Not suprisingly, since both are known by the genre label “blog”, these two samples share many medium features. These include asynchronicity (M1); 1-way message transmission (M2); persistence of messages in archives linked from the sidebar of the blog (M3); Web-based delivery and a tendency for messages to be text only (M5); and the display of blog entries in reverse chronological sequence with a “comment” option below each entry (M10). These might be considered definitional characteristics of the blog genre (see also Herring et al. 2004).
However, the two samples have few situation variables in common, aside from a one-to-many participation structure and imbalanced participation  (S1), which are characteristic of blog discourse in general (Herring et al. 2004). Holding blog author gender (S2) and use of the English language (S8) constant does not result in any other associated similarities between the two samples.

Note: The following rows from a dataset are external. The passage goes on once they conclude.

(* Let $\mathcal U$ be an ultrafilter on a set $I$ and let $(M_i)_{i\in I}$ be a family of pointed metric spaces. Define $T\colon (\mathrm{Lip}_0(M_i))_{\mathcal U}\rightarrow \mathrm{Lip}_0((M_i)_{\mathcal U})$ by \[ T\big((f_i)_{\mathcal U}\big)\big((x_i)_{\mathcal U}\big)=\lim_{\mathcal U,i} f_i(x_i). \] Then $T$ is a well-defined linear operator with $\|T\|\leq 1$, and $T\big(B_{(\mathrm{Lip}_0(M_i))_{\mathcal U}}\big)$ is a $1$-norming set for $\mathcal F((M_i)_{\mathcal U})$ (where $\mathrm{Lip}_0((M_i)_{\mathcal U})$ is identified with $\mathcal F((M_i)_{\mathcal U})^*$).
   Context: Ultraproduct of metric spaces: given a set $I$, an ultrafilter $\mathcal U$ on $I$ and metric spaces $(M_i,d_i)$ with distinguished points $0_i\in M_i$, let $\ell_\infty(M_i)=\{(x_i)_{i\in I}\in\prod_i M_i:\sup_i d_i(x_i,0_i)<\infty\}$ with pseudometric $d((x_i),(y_i))=\lim_{\mathcal U,i}d_i(x_i,y_i)$. The ultraproduct $(M_i)_{\mathcal U}$ is the metric quotient of $\ell_\infty(M_i)$ identifying points at distance $0$; the class of $(x_i)_{i\in I}$ is written $(x_i)_{\mathcal U}$, and $(M_i)_{\mathcal U}$ is pointed by $(0_i)_{\mathcal U}$. For normed spaces the distinguished point is $0$, and this gives the usual Banach space ultraproduct with norm $\|(x_i)_{\mathcal U}\|=\lim_{\mathcal U}\|x_i\|$. For a pointed metric space $M$ (base point $0$), $\mathrm{Lip}_0(M)$ is the Banach space of real-valued Lipschitz functions on $M$ vanishing at $0$, normed by the Lipschitz constant; $\delta(x)\in\mathrm{Lip}_0(M)^*$ is evaluation at $x$; the Lipschitz-free space is $\mathcal F(M)=\overline{\mathrm{span}}\{\delta(x):x\in M\}\subset \mathrm{Lip}_0(M)^*$, and $\mathcal F(M)^*=\mathrm{Lip}_0(M)$. A set $A\subset X^*$ is $\lambda$-norming for a Banach space $X$ if $\sup_{x^*\in A\cap B_{X^*}}|x^*(x)|\geq \frac1\lambda\|x\|$ for all $x\in X$. *)

From HB Require Import structures.
From mathcomp Require Import all_boot all_order all_algebra.
From mathcomp Require Import boolp classical_sets reals.
Set Implicit Arguments. Unset Strict Implicit. Unset Printing Implicit Defensive.
Import Order.TTheory GRing.Theory Num.Theory.
Local Open Scope ring_scope.
Local Open Scope classical_set_scope.

Record pmet (R : realType) := PMet {
  pt :> Type;
  dist : pt -> pt -> R;
  base : pt;
  dist_eq0 : forall x y, dist x y = 0 <-> x = y;
  distC : forall x y, dist x y = dist y x;
  dist_tri : forall x y z, dist x z <= dist x y + dist y z }.

Definition is_ultrafilter (I : Type) (U : set (set I)) : Prop :=
  [/\ U setT, ~ U set0,
      (forall A B, U A -> U B -> U (A `&` B)),
      (forall A B, A `<=` B -> U A -> U B) &
      (forall A, U A \/ U (~` A))].

Definition is_ulim (R : realType) (I : Type) (U : set (set I)) (a : I -> R) (L : R) :=
  forall e : R, 0 < e -> U [set i | `|a i - L| < e].

(** The U-limit [lim_{U,i} a_i] (exists and is unique for bounded a). *)
Definition ulim (R : realType) (I : Type) (U : set (set I)) (a : I -> R) : R :=
  xget 0 [set L | is_ulim U a L].

Definition lipschitz (R : realType) (X : Type) (d : X -> X -> R) (f : X -> R) :=
  exists L : R, forall x y, `|f x - f y| <= L * d x y.

Definition lipnorm (R : realType) (X : Type) (d : X -> X -> R) (f : X -> R) : R :=
  inf [set L : R | 0 <= L /\ forall x y, `|f x - f y| <= L * d x y].

Definition Lip0 (R : realType) (X : Type) (d : X -> X -> R) (x0 : X) (f : X -> R) :=
  lipschitz d f /\ f x0 = 0.

Definition lipball (R : realType) (X : Type) (d : X -> X -> R) (x0 : X) : set (X -> R) :=
  [set g | Lip0 d x0 g /\ lipnorm d g <= 1].

(** Elements of the Lipschitz-free space F(X) ⊂ Lip_0(X)^*: functionals on
    Lip_0(X) (given as maps (X -> R) -> R, only their values on Lip_0(X)
    matter) which are linear on Lip_0(X) and belong to the norm-closure of
    span{δ(x) : x ∈ X} in Lip_0(X)^*. *)
Definition in_free (R : realType) (X : Type) (d : X -> X -> R) (x0 : X)
  (mu : (X -> R) -> R) : Prop :=
  (forall (a : R) g h, Lip0 d x0 g -> Lip0 d x0 h ->
     mu (fun x => a * g x + h x) = a * mu g + mu h) /\
  (forall e : R, 0 < e -> exists s : seq (R * X),
     forall g, lipball d x0 g -> `|mu g - \sum_(p <- s) p.1 * g p.2| <= e).

Definition dualnorm (R : realType) (X : Type) (d : X -> X -> R) (x0 : X)
  (mu : (X -> R) -> R) : R :=
  sup [set `|mu g| | g in lipball d x0].

(** Elements of ℓ_∞(M_i): bounded families (x_i). *)
Definition upt (R : realType) (I : Type) (M : I -> pmet R) : Type :=
  {x : forall i, M i | exists C : R, forall i, dist (x i) (base (M i)) <= C}.

Lemma ubase_bounded (R : realType) (I : Type) (M : I -> pmet R) :
  exists C : R, forall i, dist (base (M i)) (base (M i)) <= C.
Proof. by exists 0 => i; rewrite (proj2 (dist_eq0 _ _) erefl). Qed.

Definition ubase (R : realType) (I : Type) (M : I -> pmet R) : upt M :=
  exist _ (fun i => base (M i)) (ubase_bounded M).

(** The ultraproduct (M_i)_U is the metric quotient of (upt M, udist U M);
    a Lipschitz function on (M_i)_U is the same as a Lipschitz function on
    this pseudometric space (they are constant on classes). *)
Definition udist (R : realType) (I : Type) (U : set (set I)) (M : I -> pmet R)
  (x y : upt M) : R :=
  ulim U (fun i => dist (sval x i) (sval y i)).

(** Representatives of elements of the ultraproduct (Lip_0(M_i))_U:
    families (f_i) with f_i ∈ Lip_0(M_i) and sup_i ‖f_i‖ < ∞. *)
Definition lipfam (R : realType) (I : Type) (M : I -> pmet R)
  (f : forall i, M i -> R) : Prop :=
  (forall i, Lip0 (@dist R (M i)) (base (M i)) (f i)) /\
  exists C : R, forall i, lipnorm (@dist R (M i)) (f i) <= C.

Definition ufnorm (R : realType) (I : Type) (U : set (set I)) (M : I -> pmet R)
  (f : forall i, M i -> R) : R :=
  ulim U (fun i => lipnorm (@dist R (M i)) (f i)).

Definition Top (R : realType) (I : Type) (U : set (set I)) (M : I -> pmet R)
  (f : forall i, M i -> R) : upt M -> R :=
  fun x => ulim U (fun i => f i (sval x i)).

From Pilot Require Import Defs.
From HB Require Import structures.
From mathcomp Require Import all_boot all_order all_algebra.
From mathcomp Require Import boolp classical_sets reals filter topology normedtype.
From mathcomp Require Import ring lra.
Import Order.TTheory GRing.Theory Num.Theory numFieldNormedType.Exports.
Local Open Scope ring_scope.
Local Open Scope classical_set_scope.

(* Along an ultrafilter every bounded real family converges (its image is an
   ultrafilter on a compact interval), and these limits commute with sums,
   products, |.|, min and preserve <=.  Well-definedness, linearity and
   ||T|| <= 1 are thus the coordinatewise Lipschitz estimates passed to the limit.
   For the norming property take g in the unit ball of Lip_0((M_i)_U) and a
   finitely supported functional approximating mu on that ball up to e.  The
   McShane formula y |-> min(d(y,0), min_z g(z) + d(y,z)), z ranging over the
   finite support, makes sense in each M_i and defines there 1-Lipschitz
   functions; by continuity of the formula their image under T is the McShane
   extension of g from the support, which agrees with g there.  Hence mu(g) is
   e-close to mu at an element of T(B), the image of the unit ball. *)

Lemma is_ultrafilter_ultra {T : Type} {F : set_system T} :
  is_ultrafilter F -> UltraFilter F.
Proof.
case=> FT F0 FI FS FC; have FP : ProperFilter F by split=> //; split.
split=> // G [G0 GF] FG; apply/seteqP; split=> // A GA.
case: (FC A) => // /FG GnA.
by case: G0; rewrite -(setICr A); exact: filterI.
Qed.

Lemma is_ultrafilter_fmap {T S : Type} {F : set_system T} (f : T -> S) :
  is_ultrafilter F -> is_ultrafilter (f @ F).
Proof.
case=> FT F0 FI FS FC; split=> // [A B|A B AB|A]; first exact: FI; last exact: FC.
by apply: FS => t /AB.
Qed.

Lemma cvg_min {R : realType} {T : Type} {F : set_system T} {FF : Filter F}
    (a b : T -> R) (l m : R) :
  a @ F --> l -> b @ F --> m -> (fun t => Num.min (a t) (b t)) @ F --> Num.min l m.
Proof. by apply: continuous2_cvg; apply: (@min_continuous _ R (l, m)). Qed.

Lemma le_cvg_to {R : realFieldType} {T : Type} {F : set_system T} {FF : ProperFilter F}
    {f g : T -> R} {l l' : R} :
  f @ F --> l -> g @ F --> l' -> (\forall t \near F, f t <= g t) -> l <= l'.
Proof.
move=> fl gl fg; rewrite -subr_ge0; apply: cvgr_to_ge (cvgB gl fl) _.
by apply: filterS fg => t; rewrite /= subr_ge0.
Qed.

In contrast, differences can be observed along both the medium and the situation dimensions. Whereas LJ allows anyone to create a blog from a made-up name (as our sample LJ blogger has done), anonymity is impossible in the QA blogs, since all users must register through their classroom teachers (M6). LJs are publicly available on the Web unless designated as “friends only” (our sample is not so designated), whereas QA activity is closed to the public (M7). There are also differences in message format (M10) – the LJ interface is more sophisticated, providing users with more options (such as “friends” links and a “search” feature) and greater social translucence (Erickson et al. 1999), such as an indication of the number of comments that have been posted after each blog entry.
The number of differences in situation between the two samples is also great. Group size, construed as the potential audience of each blog, varies widely as a consequence of the public/private nature of each blog; rate of participation is also slower on the QA blog, and posting rights are asymmetrical (S1) – only “Alim” can post entries. In the LJ, only the blog owner can post in her own blog, but commenters all have their own blogs, so everyone has a chance to both post and comment. Age, roles, previous experience, and the relationships among participants also differ between the two samples (S2), as does the purpose of each blog (S3), its topic/theme (S5), the tone of messages and comments (S6), and the norms of interaction and norms of language use in LJ versus QA (S7).

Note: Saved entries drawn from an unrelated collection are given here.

(* If $G$ is a triangle-free graph of order $n$, then $q_n(G)<2n/9$, where $q_n(G)$ is the smallest eigenvalue of the signless Laplacian of $G$.
   Context: Graphs are finite and simple. For a graph $G$ with adjacency matrix $A$ and diagonal degree matrix $D$, the signless Laplacian is $Q(G)=D+A$; $q_n(G)$ is its smallest eigenvalue. *)

From HB Require Import structures.
From mathcomp Require Import all_boot all_order all_algebra.
From mathcomp Require Import all_reals.
Set Implicit Arguments. Unset Strict Implicit. Unset Printing Implicit Defensive.
Import Order.TTheory GRing.Theory Num.Theory.
Local Open Scope ring_scope.

Definition simple_graph (n : nat) (e : rel 'I_n) : Prop :=
  (forall x y, e x y = e y x) /\ (forall x, ~~ e x x).

Definition triangle_free (n : nat) (e : rel 'I_n) : Prop :=
  ~ exists x y z, [&& e x y, e y z & e z x].

Definition deg (n : nat) (e : rel 'I_n) (i : 'I_n) : nat := #|[set j | e i j]|.

Definition adjacency_mx (R : nzRingType) (n : nat) (e : rel 'I_n) : 'M[R]_n :=
  \matrix_(i, j) (e i j)%:R.

Definition degree_mx (R : nzRingType) (n : nat) (e : rel 'I_n) : 'M[R]_n :=
  diag_mx (\row_i (deg e i)%:R).

Definition signless_laplacian (R : nzRingType) (n : nat) (e : rel 'I_n) : 'M[R]_n :=
  degree_mx R e + adjacency_mx R e.

Definition smallest_eigenvalue (R : realFieldType) (n : nat) (M : 'M[R]_n) (a : R) : Prop :=
  eigenvalue M a /\ forall b, eigenvalue M b -> a <= b.

(* The smallest eigenvalue of the symmetric matrix Q bounds its Rayleigh quotient from below.
   Test it on the vector x which is 3 on the neighbourhood N(v) of a vertex v of maximum degree
   Delta and -1 elsewhere.  As x'Qx is the sum of (x_i + x_j)^2 over the edges ij and no edge
   lies inside N(v), every edge contributes 4, so x'Qx = 4m, while |x|^2 = n + 8 Delta.  Hence
   q <= 4m / (n + 8 Delta), and 9 * 2m < n^2 + 8 n Delta follows from 2m <= n(n-1) and
   2m <= n Delta. *)
From HB Require Import structures.
From mathcomp Require Import all_boot all_order all_algebra.
From mathcomp Require Import all_reals.
From mathcomp Require Import complex.
From mathcomp Require Import ring lra.
Import Order.TTheory GRing.Theory Num.Theory.
Local Open Scope ring_scope.
Local Open Scope sesquilinear_scope.

Section NormalRayleigh.
Context {C : numClosedFieldType} {n : nat} {A : 'M[C]_n}.
Hypothesis A_normal : A \is normalmx.

Local Notation P := (spectralmx A).
Local Notation d := (spectral_diag A).

Lemma spectral_decomposition : A = P^t* *m diag_mx d *m P.
Proof.
have := orthomx_spectralP A_normal.
by rewrite invmx_unitary ?spectral_unitarymx.
Qed.

Lemma spectral_diag_eigenvalue k : eigenvalue A (d 0 k).
Proof.
apply/eigenvalueP; exists (row k P).
  have PA : P *m A = diag_mx d *m P.
    rewrite [X in _ *m X]spectral_decomposition !mulmxA.
    by rewrite (unitarymxP (spectral_unitarymx A)) mul1mx.
  by rewrite -row_mul PA row_mul row_diag_mx -scalemxAl -rowE.
have := spectral_unit A; rewrite -row_free_unit => Pfree.
rewrite rowE mul_mx_rowfree_eq0 //.
by apply/eqP => /matrixP/(_ 0 k); rewrite !mxE !eqxx /= => /eqP; rewrite oner_eq0.
Qed.

Lemma normalmx_rayleigh_lower (a : C) (y : 'rV_n) :
  (forall k, a <= d 0 k) -> a * (y *m y^t*) 0 0 <= (y *m A *m y^t*) 0 0.
Proof.
move=> a_le_d; pose z := y *m P^t*.
have zC : z^t* = P *m y^t* by rewrite /z trmx_mul map_mxM trmxCK.
have -> : y *m y^t* = z *m z^t*.
  by rewrite zC mulmxA mulmxKtV ?spectral_unitarymx.
have -> : y *m A *m y^t* = z *m diag_mx d *m z^t*.
  by rewrite zC [X in y *m X]spectral_decomposition !mulmxA.
rewrite mul_mx_diag !mxE mulr_sumr; apply: ler_sum => k _; rewrite !mxE.
rewrite mulrAC [a * _]mulrC ler_wpM2l ?a_le_d //.
by rewrite -normCK exprn_ge0.
Qed.

End NormalRayleigh.

Section SymmetricRayleigh.
Context {R : rcfType}.
Local Notation f := (@real_complex R).

Lemma symmetric_rayleigh_lower {n} {A : 'M[R]_n} {a : R} (x : 'rV_n) :
  A^T = A -> (forall b, eigenvalue A b -> a <= b) ->
  a * (x *m x^T) 0 0 <= (x *m A *m x^T) 0 0.
Proof.
move=> A_sym a_min.
have f_real r : f r \is Num.real by rewrite complex_real.
have Af_herm : map_mx f A \is hermsymmx.
  apply: realsym_hermsym; last by apply/mxOverP => i j; rewrite mxE.
  apply/is_hermitianmxP; rewrite expr0 scale1r.
  by rewrite map_mx_id // map_trmx A_sym.
have xf_adj : (map_mx f x)^t* = map_mx f x^T.
  by apply/matrixP => i j; rewrite !mxE conj_Creal.
have fE (M : 'M[R]_1) : f (M 0 0) = map_mx f M 0 0 by rewrite mxE.
rewrite -lecR rmorphM /= !fE !map_mxM -xf_adj.
apply: normalmx_rayleigh_lower; first exact: hermitian_normalmx.
move=> k; have /complex_realP[r dr] := mxOverP (hermitian_spectral_diag_real Af_herm) 0 k.
rewrite dr lecR; apply: a_min; rewrite -(eigenvalue_map f).
by have := spectral_diag_eigenvalue (hermitian_normalmx Af_herm) k; rewrite dr.
Qed.

End SymmetricRayleigh.

Section SignlessLaplacianForm.
Context (R : comNzRingType) {n : nat} {e : rel 'I_n}.
Hypothesis e_sym : forall x y, e x y = e y x.

Local Notation Q := (signless_laplacian R e).

Lemma deg_sum i : (deg e i)%:R = \sum_j ((e i j)%:R : R).
Proof.
rewrite /deg cardsE -sum1_card natr_sum big_mkcond /=.
by apply: eq_bigr => j _; rewrite -[j \in e i]/(e i j); case: (e i j).
Qed.

Lemma signless_laplacian_tr : Q^T = Q.
Proof.
rewrite /signless_laplacian linearD /= /degree_mx tr_diag_mx; congr (_ + _).
by apply/matrixP => i j; rewrite !mxE e_sym.
Qed.

Lemma signless_laplacian_form (x : 'rV[R]_n) :
  2 * (x *m Q *m x^T) 0 0 = \sum_i \sum_j (e i j)%:R * (x 0 i + x 0 j) ^+ 2.
Proof.
have -> : (x *m Q *m x^T) 0 0 =
    \sum_j \sum_i (e i j)%:R * (x 0 j ^+ 2 + x 0 i * x 0 j).
  rewrite mulmxDr mul_mx_diag mulmxDl !mxE -big_split /=.
  apply: eq_bigr => j _; rewrite !mxE deg_sum mulr_sumr !mulr_suml -big_split /=.
  by apply: eq_bigr => i _; rewrite (e_sym j i) mxE; ring.
rewrite mulr2n mulrDl mul1r [X in X + _]exchange_big /= -big_split /=.
apply: eq_bigr => i _; rewrite -big_split /=.
by apply: eq_bigr => j _; rewrite (e_sym i j); ring.
Qed.

End SignlessLaplacianForm.

Section StarVector.
Context (R : numFieldType) {n : nat} (e : rel 'I_n).
Hypotheses (e_sym : forall x y, e x y = e y x) (e_tf : triangle_free e).
Variable v : 'I_n.

Definition star_vector : 'rV[R]_n := \row_i (if e v i then 3 else -1).

Local Notation x := star_vector.

Lemma star_vector_norm : (x *m x^T) 0 0 = n%:R + 8 * (deg e v)%:R.
Proof.
rewrite mxE deg_sum mulr_sumr -[n in n%:R]card_ord -sumr_const -big_split /=.
by apply: eq_bigr => j _; rewrite !mxE; case: (e v j) => /=; ring.
Qed.

Lemma star_vector_form :
  (x *m signless_laplacian R e *m x^T) 0 0 = 2 * \sum_j (deg e j)%:R.
Proof.
apply: (@mulfI _ 2); first by rewrite pnatr_eq0.
rewrite signless_laplacian_form // !mulr_sumr; apply: eq_bigr => i _.
rewrite deg_sum !mulr_sumr; apply: eq_bigr => j _; rewrite !mxE.
case e_ij: (e i j); last by rewrite /=; ring.
case e_vi: (e v i); case e_vj: (e v j) => /=; try ring.
by case: e_tf; exists v, i, j; rewrite e_vi e_ij e_sym e_vj.
Qed.

End StarVector.

Lemma deg_lt {n} {e : rel 'I_n} i : (forall x, ~~ e x x) -> (deg e i < n)%N.
Proof.
move=> e_irr; have sub : [set j | e i j] \subset [set~ i].
  by apply/subsetP => j; rewrite !inE; apply: contraTneq => ->; exact: e_irr.
apply: leq_ltn_trans (subset_leq_card sub) _.
by rewrite cardsC1 card_ord ltn_predL (leq_ltn_trans _ (ltn_ord i)).
Qed.

Theorem corollary3 (R : realType) (n : nat) (e : rel 'I_n) (q : R) :
  (0 < n)%N -> simple_graph e -> triangle_free e ->
  smallest_eigenvalue (signless_laplacian R e) q ->
  q < 2 * n%:R / 9.
Proof.
move=> n_gt0 [e_sym e_irr] e_tf [_ q_min].
have [/= v _ v_max] := @arg_maxnP _ (Ordinal n_gt0) xpredT (deg e) isT.
have := symmetric_rayleigh_lower (star_vector R e v)
  (signless_laplacian_tr R e_sym) q_min.
rewrite star_vector_norm // star_vector_form //.
set N : R := n%:R; set D : R := (deg e v)%:R; set S : R := \sum_j _ => rayleigh.
have S_le_ND : S <= N * D.
  have -> : N * D = \sum_(j < n) D by rewrite sumr_const card_ord mulr_natl.
  by apply: ler_sum => j _; rewrite ler_nat v_max.
have S_le_NN : S + N <= N * N.
  have -> : N * N = \sum_(j < n) N by rewrite sumr_const card_ord mulr_natl.
  have -> : S + N = \sum_j ((deg e j)%:R + 1) by rewrite big_split /= sumr_const card_ord.
  by apply: ler_sum => j _; rewrite natr1 ler_nat deg_lt.
have N_ge1 : 1 <= N by rewrite ler1n.
have D_ge0 : 0 <= D by rewrite ler0n.
have nD_gt0 : 0 < N + 8 * D by lra.
rewrite ltr_pdivlMr //.
nra.
Qed.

The LJ blogger is an experienced, adult Internet user who posts messages about her day-to-day life to friends and strangers in a tone that aims for cleverness and sophistication, and where the norms of interaction include profanity and sexual references. In these respects, the LJ sample is typical of many LJ blogs (cf. Kendall 2005). The considerable contrast between these two samples reflects QA’s young, inexperienced target audience and its educational context, which is closely moderated by adults, and which assigns asymmetrical posting rights to adults and children. These are not prototypical blog features, although the QA blogs recall other uses of CMC in primary education (Robertson, Good & Pain 1998).
Clearly, simply classifying these samples as being of the blog mode or genre, while it would capture more-or-less predictable associations for LiveJournal, would miss much about the QA data that is interesting and important. Moreover, the LJ data also exhibit characteristic properties that differentiate them from the blog prototype (cf. Herring et al. 2004), such as the “'friends only” audience designation feature and “mood” indicators for entries. A faceted classification approach is thus revealing for LJ blogs as well, and more generally, is essential (in some form) for characterizing different blog subtypes.
As the Internet expands, it continues to spawn new varieties of discourse that call out for analysis and classification. This article has proposed, argued for, and briefly illustrated the utility of a faceted classification scheme for computer-mediated discourse. This scheme classifies discourse samples in terms of clusters of variable dimensions, thereby preserving their complexity (including overlap across samples) and allowing for focused comparisons within and across samples.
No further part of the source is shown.